12 Aug 2024 | Sukrut Rao*, 1, 2, Sweta Mahajan*, 1, 2, Moritz Böhle1, and Bernt Schiele1
The paper "Discover-then-Name: Task-Agnostic Concept Bottlenecks via Automated Concept Discovery" introduces a novel approach called Discover-then-Name CBM (DN-CBM) to address the "black-box" issue of deep neural networks. DN-CBM leverages sparse autoencoders to discover and automatically name concepts learned by CLIP, a vision-language model, and then uses these concepts as a concept bottleneck for classification. The key contributions of the paper are:
1. **Discovering Concepts**: The authors use sparse autoencoders to extract disentangled concepts from CLIP features. These concepts are then named by matching the dictionary vectors with the closest text embeddings in CLIP space from a large concept set.
2. **Automated Concept Naming**: The named concepts are used to train linear classifiers for classification tasks. The method is task-agnostic, meaning it does not require task-specific concept sets or external language models.
3. **Performance and Interpretability**: The proposed method yields semantically meaningful concepts, appropriate names, and performant and interpretable CBMs across multiple datasets and CLIP architectures.

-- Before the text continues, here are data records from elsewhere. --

Let Gnorm_in_SGt : SGt G T (Gnorm G T).
Proof.
move=> d d0 /=; apply/closure_normP => e e0.
have slab_sups_real a : slab_sups a -> a \is Num.real.
  by move=> [d' d'0 <-]; exact/ger0_real/slab_sup_ge0.
have [_ [d' d'0 <-] sup_d'] :=
  infimums_approx slab_sups_real (ger0_real Gnorm_ge0) GnormP e0.
have [d1 d10 [d1d sup_d1]] : exists2 d1, 0 < d1 & d1 <= d /\ slab_sup d1 < Gnorm G T + e.
  have [d'd|/ltW dd'] := real_leP (gtr0_real d'0) (gtr0_real d0); first by exists d'.
  by exists d => //; split => //; apply: le_lt_trans (slab_sup_mono d0 dd') sup_d'.
have [_ [x slab_x <-] Tx_gt] := supremums_approx (@slab_norms_real d1)
  (ger0_real (slab_sup_ge0 d10)) (slab_supP d10) e0.
exists `|T x|; first by exists x => //; exact: slab_mono slab_x.
have Tx_le : `|T x| <= slab_sup d1 by apply: (slab_supP d10).1; exists x.
have Gnorm_le : Gnorm G T <= slab_sup d1 by apply: GnormP.1; exists d1.
rewrite real_ltr_distl ?rpredB ?normr_real ?(ger0_real Gnorm_ge0) //.
by rewrite ltrBlDr (le_lt_trans Tx_le) //= (le_lt_trans Gnorm_le) // -ltrBlDr.
Qed.

Let SGt_le_Gnorm a : SGt G T a -> a <= Gnorm G T.
Proof.
move=> SGt_a; have a_ge0 : 0 <= a := closure_ge0 (@slab_norms_ge0 1) (SGt_a 1 ltr01).
apply: GnormP.2 => _ [d d0 <-]; rewrite -(ger0_norm a_ge0).
apply: closure_norm_le (SGt_a d d0) => b slab_b.
by rewrite ger0_norm ?(slab_norms_ge0 slab_b) //; exact: (slab_supP d0).1.
Qed.

Let SGt_sub_SG : SGt G T `<=` SG G T.
Proof.
move=> a SGt_a d d0; apply: closureS (SGt_a d d0) => _ [x [x1 Gx] <-].
have [|F [cF nF Fy]] := norming_functional_opnorm1 norming (T x).
  (* Y is nontrivial because ||G|| = 1. *)
  have [x' [_ Gx']] := slab_neq0 ltr01.
  by exists (G x'); rewrite -normr_gt0; apply: le_lt_trans Gx'; rewrite subrr.
by exists x, F; split; rewrite ?Fy.
Qed.

Let SG_norm_le_Gnorm l : SG G T l -> `|l| <= Gnorm G T.
Proof.
move=> SG_l; apply: GnormP.2 => _ [d d0 <-].
apply: closure_norm_le (SG_l d d0) => _ [x [F [cF nF x1 Gx ->]]].
apply: le_trans (opnorm1_le nF (T x)) _.
by apply: (slab_supP d0).1; exists x.
Qed.

Theorem Gnorm_attained :
  is_max [set `|l| | l in SG G T] (Gnorm G T) /\ is_max (SGt G T) (Gnorm G T).
Proof.
split; split.
- by exists (Gnorm G T); [exact: SGt_sub_SG | exact: ger0_norm].
- by move=> _ [l SG_l <-]; exact: SG_norm_le_Gnorm.
- exact: Gnorm_in_SGt.
- exact: SGt_le_Gnorm.
Qed.

End GnormAttained.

The paper evaluates the effectiveness of the discovered and named concepts through qualitative and quantitative assessments, including user studies and comparisons with state-of-the-art methods. The results show that DN-CBM outperforms baselines in classification accuracy and provides interpretable explanations for model decisions. The method is also shown to be robust to different datasets and feature extractors, demonstrating its generalizability and efficiency.The paper "Discover-then-Name: Task-Agnostic Concept Bottlenecks via Automated Concept Discovery" introduces a novel approach called Discover-then-Name CBM (DN-CBM) to address the "black-box" issue of deep neural networks. DN-CBM leverages sparse autoencoders to discover and automatically name concepts learned by CLIP, a vision-language model, and then uses these concepts as a concept bottleneck for classification. The key contributions of the paper are:
1. **Discovering Concepts**: The authors use sparse autoencoders to extract disentangled concepts from CLIP features. These concepts are then named by matching the dictionary vectors with the closest text embeddings in CLIP space from a large concept set.

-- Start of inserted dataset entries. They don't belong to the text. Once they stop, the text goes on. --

(* The face of an inner dart (a, v) is the triangle (a, v), (v, w), (w, a)
   with w = rot v a, and (w, a) is a dart. *)
Let inner_triangle a v : adj a v -> (a, v) \notin outer -> adj a (rot v a).
Proof.
move=> adj_av av_inner; set w := rot v a.
have adj_vw : adj v w by apply: adj_rot; rewrite adj_sym.
have adj_w_rot : adj w (rot w v) by apply: adj_rot; rewrite adj_sym.
have order3 : fingraph.order (phi rot) (a, v) = 3.
  case: NT => _ _ _ /(_ (a, v)); rewrite inE mem_face => /(_ adj_av av_inner) <-.
  by rewrite /fingraph.order -cardsE.
have := iter_order (@phi_inj _ rot) (a, v); rewrite order3 /phi /= -/w => [[<- _]].
by rewrite adj_sym.
Qed.

Lemma link_cycle_inner v : v \notin c -> link_cycle adj v.
Proof.
move=> v_inner; case: (pickP (adj v)) => [a adj_va|no_nbr]; last first.
  by exists [::]; split=> // u; rewrite -[u \in adj v]/(adj v u) no_nbr.
exists (orbit (rot v) a); split; [exact: orbit_uniq | exact: adj_orbit_rot |].
apply: (sub_in_cycle (P := mem (orbit (rot v) a)) (e := frel (rot v))); last first.
- exact/cycle_orbit/perm_inj.
- exact/allP.
move=> b _ b_orbit _ /eqP <-.
have adj_vb : adj v b by move: b_orbit; rewrite (adj_orbit_rot adj_va).
apply: inner_triangle; first by rewrite adj_sym.
by rewrite mem_outer_face; apply: contra v_inner => /andP[b_outer /eqP ->]; rewrite mem_next.
Qed.

Lemma link_path_outer v : v \in c -> link_path adj v (next c v) (prev c v).
Proof.
move=> v_outer; have uc := outer_walk_uniq.
have adj_va : adj v (next c v).
  by have := outer_adj (d := (v, next c v)); apply; rewrite mem_outer_face v_outer eqxx.
have rot_prev : rot v (prev c v) = next c v.
  have pv_outer : (prev c v, v) \in outer.
    by rewrite mem_outer_face mem_prev v_outer (next_prev uc) eqxx.
  by have /next_outer_walk /= -> := mem_orbit (f := phi rot) pv_outer.
exists (orbit (rot v) (next c v)); split; [exact: orbit_uniq | exact: adj_orbit_rot |].
have := cycle_orbit (@perm_inj _ (rot v)) (next c v).
have := orbit_uniq (rot v) (next c v).
rewrite /orbit -orderSpred /= rcons_path; set s := traject _ _ _.
move=> uniq_s /andP[frel_s /eqP last_s].
have {}last_s : last (next c v) s = prev c v by apply: (@perm_inj _ (rot v)); rewrite last_s.
rewrite /path_between eqxx last_s eqxx; apply: path_frel_sub frel_s => b b_in.
have adj_vb : adj v b.
  have : b \in orbit (rot v) (next c v).
    by rewrite /orbit -orderSpred /= -/s lastI mem_rcons inE b_in orbT.
  by rewrite (adj_orbit_rot adj_va).
apply: inner_triangle; first by rewrite adj_sym.
rewrite mem_outer_face; apply: contraL b_in => /andP[_ /eqP v_next].
have -> : b = prev c v by rewrite v_next (prev_next uc).
by move: uniq_s; rewrite -[_ && _]/(uniq (_ :: s)) lastI rcons_uniq last_s => /andP[].
Qed.

Lemma near_triangulation_disc : triangulated_disc adj c.
Proof.
split; [exact: adj_sym | exact: adj_irr | | exact: outer_walk_uniq | exact: link_path_outer |].
  by case: NT => [[_ _ conn _] _ _ _].
by move=> v; rewrite inE; apply: link_cycle_inner.
Qed.

End NearTriangulation.

Theorem lemma3p2 (T : finType) (adj : rel T) (rot : T -> {perm T})
    (d0 : T * T) (x y : T) :
  near_triangulation adj rot d0 ->
  #|T| <= 6 ->
  x \in outer_verts rot d0 -> y \in outer_verts rot d0 -> x != y ->
  ham_path adj x y
  \/ chord adj rot d0 x y
  \/ (exists z : T,
        [/\ adj x z /\ adj z y, chord adj rot d0 x z, chord adj rot d0 z y,
            #|T| = 6 &
            forall a b : T, a \notin [:: x; y; z] -> b \notin [:: x; y; z] ->
              ~~ adj a b])
  \/ (exists u : 'I_6 -> T,
        [/\ injective u,
            forall i j, adj (u i) (u j) = hex_tri_adj i j,
            forall i j, outer_edge rot d0 (u i) (u j) = hex_cyc i j &
            (x, y) = (u ord0, u (inord 3)) \/ (x, y) = (u (inord 3), u ord0)]).
Proof.
move=> NT n_le6; rewrite !outer_vertsE => xc yc xy.
apply: (eq_ham_path_or_obstruction _ _
  (triangulated_disc_ham_path (near_triangulation_disc NT) n_le6 xc yc xy)).
- by move=> u v; rewrite (chordE NT).
- by move=> u v; rewrite (outer_edgeE NT).
Qed.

2. **Automated Concept Naming**: The named concepts are used to train linear classifiers for classification tasks. The method is task-agnostic, meaning it does not require task-specific concept sets or external language models.
3. **Performance and Interpretability**: The proposed method yields semantically meaningful concepts, appropriate names, and performant and interpretable CBMs across multiple datasets and CLIP architectures.
The paper evaluates the effectiveness of the discovered and named concepts through qualitative and quantitative assessments, including user studies and comparisons with state-of-the-art methods. The results show that DN-CBM outperforms baselines in classification accuracy and provides interpretable explanations for model decisions. The method is also shown to be robust to different datasets and feature extractors, demonstrating its generalizability and efficiency.